Why the Red Sea Could Threaten Global Trade
The Red Sea Faces New Threats Amid Escalating Tensions
With the Strait of Hormuz effectively blocked following an assault by the United States and Israel, Iran has turned its attention to another critical maritime trade route: the Red Sea. This vital waterway, stretching 1,400 miles between Africa and Asia, is now under threat due to the presence of the American aircraft carrier USS Gerald R. Ford.
Iran’s military has warned that any facilities supporting the carrier group could be potential targets. According to the semiofficial Fars News Agency, this statement was made on Monday, signaling a possible escalation in regional tensions.
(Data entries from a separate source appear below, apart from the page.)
(* Let $\Lambda$ satisfy (RC). There exists a bounded linear operator $I^{\rm h}_2:\dot{\mathscr U}^{1,2}(\Lambda)\to\dot{\mathscr U}^{1,2}(\Lambda^{\rm h})$ and $C>0$ such that $\|DI^{\rm h}_2u\|_{\ell^2_{\mathcal N}(\Lambda^{\rm h})}\le C\|Du\|_{\ell^2_{\mathcal N}(\Lambda)}$ and $I^{\rm h}_2u(\ell)=u(\ell)$ for all $|\ell|>R_{\rm def}$ and all $u\in\dot{\mathscr U}^{1,2}(\Lambda)$. Moreover, there is $c_0\in(0,1]$ such that for every $r>0$ there exists $R\ge r$ with $$\sum_{\ell\in\Lambda^{\rm h}\cap B_r}|DI^{\rm h}_2u(\ell)|_{\mathfrak w,1}\le C\sum_{\ell\in\Lambda\cap B_R}|Du(\ell)|_{\tilde{\mathfrak w},1}$$ for all $\mathfrak w\in\mathscr L_1$ and $u\in\dot{\mathscr U}^{1,2}(\Lambda)$, where $\tilde{\mathfrak w}(t):=\mathfrak w(c_0t)$ (which lies in $\mathscr L_1$).
   Context: Let $d\in\{2,3\}$, $\mathsf d_s\in\{2,3\}$. $B_R$ is the open ball of radius $R$ at $0$. $A\in\mathbb R^{d\times d}$ nonsingular, $\Lambda^{\rm h}:=A\mathbb Z^d$. A set $\Lambda\subset\mathbb R^d$ satisfies (RC) if there is $R_{\rm def}>0$ with $\Lambda\setminus B_{R_{\rm def}}=\Lambda^{\rm h}\setminus B_{R_{\rm def}}$ and $\Lambda\cap B_{R_{\rm def}}$ finite. For $\Lambda'\in\{\Lambda,\Lambda^{\rm h}\}$ and $\ell\in\Lambda'$: $\Lambda'-\ell:=\{m-\ell:m\in\Lambda'\setminus\{\ell\}\}$; $\mathcal N(\ell)$ is the set of $m\in\Lambda'\setminus\{\ell\}$ for which some $a$ has $|a-\ell|=|a-m|\le|a-k|$ for all $k\in\Lambda'$. For $u:\Lambda'\to\mathbb R^{\mathsf d_s}$: $D_\rho u(\ell):=u(\ell+\rho)-u(\ell)$, $\|Du\|_{\ell^2_{\mathcal N}(\Lambda')}:=(\sum_\ell\sum_{\rho\in\mathcal N(\ell)-\ell}|D_\rho u(\ell)|^2)^{1/2}$, $\dot{\mathscr U}^{1,2}(\Lambda'):=\{u:\|Du\|_{\ell^2_{\mathcal N}(\Lambda')}<\infty\}$. $\mathscr L_1$ is the set of monotonically decreasing $\mathfrak w:[0,\infty)\to(0,\infty)$ with $\|\mathfrak w\|_{L^\infty}+\int_0^\infty r^{d}\mathfrak w(r)dr<\infty$, and $|Du(\ell)|_{\mathfrak w,1}:=\sum_{\rho\in\Lambda'-\ell}\mathfrak w(|\rho|)|D_\rho u(\ell)|$. *)

From Stdlib Require Import Reals Lra List ZArith.
Import ListNotations.
Open Scope R_scope.

(* Vectors of R^n: real sequences vanishing from index n on. *)
Definition RV (n : nat) : Type := {x : nat -> R | forall i, (n <= i)%nat -> x i = 0}.
Definition coord {n} (x : RV n) (i : nat) : R := proj1_sig x i.

Definition sumn (n : nat) (f : nat -> R) : R := fold_right Rplus 0 (map f (seq 0 n)).

Definition rnorm {n} (x : RV n) : R := sqrt (sumn n (fun i => coord x i ^ 2)).
Definition rdist {n} (x y : RV n) : R := sqrt (sumn n (fun i => (coord x i - coord y i) ^ 2)).

Definition vlin {n} (a : R) (x : RV n) (b : R) (y : RV n) : RV n.
Proof.
  exists (fun i => a * coord x i + b * coord y i).
  intros i Hi; unfold coord; rewrite (proj2_sig x i Hi), (proj2_sig y i Hi); ring.
Defined.

Definition nonsingular (d : nat) (A : nat -> nat -> R) : Prop :=
  forall v : RV d, (forall i, (i < d)%nat -> sumn d (fun j => A i j * coord v j) = 0) ->
    forall j, coord v j = 0.

Definition Lh (d : nat) (A : nat -> nat -> R) (x : RV d) : Prop :=
  exists z : nat -> Z, forall i, (i < d)%nat -> coord x i = sumn d (fun j => A i j * IZR (z j)).

Definition RC (d : nat) (A : nat -> nat -> R) (L : RV d -> Prop) (Rdef : R) : Prop :=
  0 < Rdef /\
  (forall x, Rdef <= rnorm x -> (L x <-> Lh d A x)) /\
  (exists l : list (RV d), forall x, L x -> rnorm x < Rdef -> In x l).

(* Voronoi neighbour m of l in the point set L *)
Definition Nb {d} (L : RV d -> Prop) (l m : RV d) : Prop :=
  L m /\ m <> l /\
  exists a : RV d, rdist a l = rdist a m /\ forall k, L k -> rdist a l <= rdist a k.

(* The (possibly infinite) sum of the nonnegative f over S is <= M. *)
Definition SumLe {X : Type} (S : X -> Prop) (f : X -> R) (M : R) : Prop :=
  forall l : list X, NoDup l -> Forall S l -> fold_right Rplus 0 (map f l) <= M.
Lemma energy_rate_dissipation t : tangent_at t ->
  energy_rate t = - / INR N ^ 2 * rsum2 N (fun i j => psi_at t i j * vdot (misalign t i j) (misalign t i j)).
Proof.
  intros hI.
  set (P1 := rsum2 N (fun k j => psi_at t k j * vdot (v k t) (v k t))).
  set (P2 := rsum2 N (fun k j => psi_at t k j * vdot (v k t) (Rapp (x j t) (x k t) (v j t)))).
  set (B := rsum2 N (fun k l => vdot (v k t) (x l t))).
  assert (hkin : rsum N (fun k => 2 * vdot (v k t) (accel t k)) = 2 / INR N * (P2 - P1) + 2 * sigma / INR N * B).
  { transitivity (rsum2 N (fun k j => 2 / INR N * (psi_at t k j * vdot (v k t) (Rapp (x j t) (x k t) (v j t)))
      + (- (2 / INR N)) * (psi_at t k j * vdot (v k t) (v k t)) + 2 * sigma / INR N * vdot (v k t) (x j t))).
    - apply rsum_ext; intros k hk; rewrite vdot_v_accel by assumption.
      rewrite <- (rsum_scal N (sigma / INR N)), <- rsum_plus, <- rsum_scal.
      apply rsum_ext; intros; unfold Rdiv; ring.
    - rewrite !rsum2_plus, !rsum2_scal; fold P1 P2 B; ring. }
  assert (hpot : rsum2 N (fun k l => 2 * vdot (vsub (x k t) (x l t)) (vsub (v k t) (v l t))) = -4 * B).
  { transitivity (rsum2 N (fun k l => (-2) * vdot (v l t) (x k t) + (-2) * vdot (v k t) (x l t))).
    - apply rsum2_ext; intros k l hk hl; destruct (hI k hk) as [_ a], (hI l hl) as [_ b].
      rewrite vdot_subl, !vdot_subr, a, b, (vdot_comm (x k t) (v l t)), (vdot_comm (x l t) (v k t)); ring.
    - rewrite rsum2_plus, !rsum2_scal, (rsum2_swap N (fun k l => vdot (v l t) (x k t))); unfold B; ring. }
  assert (hdiss : rsum2 N (fun i j => psi_at t i j * vdot (misalign t i j) (misalign t i j)) = 2 * (P1 - P2)).
  { rewrite (rsum2_ext N _ (fun k j => psi_at t k j * vdot (v j t) (v j t) + (-2) * (psi_at t k j * vdot (v k t)
      (Rapp (x j t) (x k t) (v j t))) + psi_at t k j * vdot (v k t) (v k t)))
      by (intros; rewrite psi_misalign_sq by assumption; ring).
    rewrite !rsum2_plus, rsum2_scal, rsum2_swap; fold P1 P2.
    replace (rsum2 N (fun k l => psi_at t l k * vdot (v k t) (v k t))) with P1; [ring|].
    apply rsum2_ext; intros; unfold psi_at; rewrite vnorm_subC; reflexivity. }
  unfold energy_rate; rewrite hkin, hpot, hdiss; field; lra.
Qed.
Lemma ctrl_out_sqn_le what v t :
  ctrl_eq rho chi xi0 Mvz Mvw what v ->
  sqn (ctrl_out rho chi xi0 Muz v t) <= gR ^+ 2 * sqn (what t) - \sum_i alpha i * blk_supply v i t.
Proof.
move=> Hv; have := lmi (col_mx (zout rho chi xi0 v t) (what t)).
rewrite -/(qform _ _) qform_congr /Mouter !mul_col_mx !mul_row_col.
rewrite !mul1mx !mul0mx addr0 add0r -(Hv t).
rewrite qform_block /Xalpha qform_block qformN /Smat opp_block_mx !oppr0 opprK.
rewrite qform_block qformN !qform_scalar mul1r.
rewrite -[v t]submxcolK !qform_mxdiag -sumrB.
rewrite (eq_bigr (fun i => alpha i * blk_supply v i t)); last first.
  by move=> i _; rewrite !qform_scalar /blk_supply supplyE mulrBr expr2 !mulrA.
rewrite addr0 /ctrl_out; lra.
Qed.

Lemma ctrl_energy_le what v T :
  ctrl_eq rho chi xi0 Mvz Mvw what v ->
  \sum_(0 <= t < T) sqn (ctrl_out rho chi xi0 Muz v t)
  <= gR ^+ 2 * \sum_(0 <= t < T) sqn (what t) + \sum_i alpha i * V (xi0 i).
Proof.
move=> Hv; apply: le_trans (ler_sum _ (fun t _ => ctrl_out_sqn_le t Hv)) _.
rewrite sumrB -mulr_sumr exchange_big /= lerD2l -sumrN.
apply: ler_sum => i _; rewrite -mulr_sumr -mulrN ler_wpM2l // lerNl.
apply: le_trans (dissipation_sum (dissipative (vblk v i)) T).
by rewrite /= lerDr V_ge0.
Qed.

Lemma ctrl_L2stable (Rop : seqv R n -> seqv R m) :
  (forall what, exists v, ctrl_eq rho chi xi0 Mvz Mvw what v) ->
  (forall what v, ctrl_eq rho chi xi0 Mvz Mvw what v ->
     Rop what = ctrl_out rho chi xi0 Muz v) ->
  causal Rop -> L2stable Rop.
Proof.
move=> ex_v Rop_out Rop_causal; split => // what what_l2.
have [v Hv] := ex_v what; rewrite (Rop_out _ _ Hv).
apply: (@l2_bounded_energy _ _ _
  (gR ^+ 2 * limn (series (fun t => sqn (what t))) + \sum_i alpha i * V (xi0 i))).
move=> T; apply: le_trans (ctrl_energy_le T Hv) _.
by rewrite lerD2r ler_wpM2l ?sqr_ge0 ?energy_le_l2.
Qed.

End Controller.

Lemma L2stable2_comp (R : realType) k l p (A : seqv R k -> seqv R l -> seqv R p)
    (B : seqv R k -> seqv R l) :
  L2stable2 A -> L2stable B -> L2stable (fun w => A w (B w)).
Proof.
move=> [A_causal A_l2] [B_causal B_l2]; split; last first.
  by move=> w w_l2; apply: A_l2 => //; exact: B_l2.
move=> a b t eq_ab; apply: A_causal => s le_st; split; first exact: eq_ab.
by apply: B_causal => s' le_s's; apply: eq_ab; exact: leq_trans le_s's le_st.
Qed.

Lemma sys_x_Fop (R : realType) n m (f : 'cV[R]_n -> 'cV[R]_m -> 'cV[R]_n) w u t :
  sys_x f w u t = Fop f (sys_x f w u) u t + w t.
Proof. by case: t => [|t] //=; rewrite add0r. Qed.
While it remains unclear if Iranian forces will directly attack Red Sea shipping, the Houthis, a proxy militia based in Yemen, have already significantly disrupted traffic through the waterway with attacks on vessels. Abdul Malik al-Houthi, the group’s leader, stated on March 5 that “our fingers are on the trigger, ready to respond at any moment should developments warrant it.”
Despite these threats, the Houthis have not yet entered the fight, even though it has been nearly three weeks since the U.S. and Israel began their strikes on Iran. Analysts suggest that the decision to act is still uncertain. Burcu Ozcelik, a senior research fellow at the Royal United Services Institute, noted that it is too soon to determine whether the Houthis will ultimately join Iran’s retaliation or not.
Complex Dynamics Between Iran and the Houthis
The relationship between Iran and the Houthis is not as straightforward as some might assume. Ozcelik emphasized that the Houthis are not simply following Iran’s orders. Instead, they are weighing their options and have shown restraint so far.
This complexity is further highlighted by the fact that the Houthis are still assessing their position. While the threat alone has caused significant disruption to Red Sea trade, the situation remains fluid. The global shipping and oil markets have already experienced chaos after Iran closed the Strait of Hormuz, leading to the worst disruption in the history of the oil market, according to the International Energy Agency.
In response to this crisis, Saudi Arabia has increased capacity in its East-West pipeline, which connects to the Red Sea on the other side of the Arabian Peninsula. Meanwhile, the United Arab Emirates has boosted the flow on its Habshan-Fujairah pipeline to the Gulf of Oman.
However, even at full capacity, these routes can only cover about one-quarter of the oil that normally passes through the Strait of Hormuz. David Butter, an associate fellow at the London-based think tank Chatham House, noted that these routes are vulnerable to attack by both Iran and the Houthis.

Historical Significance and Recent Disruptions
Historically, the Red Sea has played a crucial role in global trade, with around one-tenth of global seaborne oil shipments passing through the Bab el-Mandeb Strait, a narrow bottleneck of just 16 miles that separates the Arabian Peninsula and the Horn of Africa.
This changed in late 2023 when the Houthis began attacking ships using that route in response to Israel’s assault on the Gaza Strip. Red Sea shipping numbers plummeted, with traffic crossing the Suez Canal down 70% by the middle of 2024, according to a yearly review by the United Nations Trade and Development. Oil flows through Bab el-Mandeb were also cut in half, according to the U.S. Energy Information Administration.
Ships were forced to take the arduous and often more perilous trip around Cape Agulhas, the southern tip of Africa. Arrivals at the Cape of Good Hope, the region’s major port, were up 89% that year, UNCTAD said at the time. This shift contributed to the rising prices for goods that consumers have felt worldwide.
Last year, President Donald Trump launched a weekslong intensive bombing campaign against the Houthis that cost $1 billion before he announced a ceasefire. However, the group later sank two more ships.
It was only in December that oil tankers and cargo vessels had been “gradually making a return” to the Red Sea, according to the maritime intelligence company Lloyd’s List.
Then came the war with Iran.
Though the Houthis have not reignited their missile campaign, the threat of their doing so has coincided with a sharp reduction in Bab el-Mandeb traffic, according to an update from Windward, another maritime intelligence company.
“The Red Sea corridor is a space where African, Gulf, Middle Eastern, Asian and global powers converge,” Ahmed Soliman, a senior research fellow at Chatham House, told NBC News in an email. So “escalation in this arena would be hugely destabilizing for shipping.”
The Houthis’ hesitation likely reflects the pace and sequencing of Iran’s retaliatory response, according to Ozcelik at RUSI. Tehran may judge that the Houthi card is better held in reserve for later.
The pause also speaks to the internal factionalism within the movement, Ozcelik added, with hard-liners “spoiling for a fight” while others argue that “tightening control over Yemeni territory should take priority.”
Ultimately, the Houthis “will look to outlast the current war,” she said.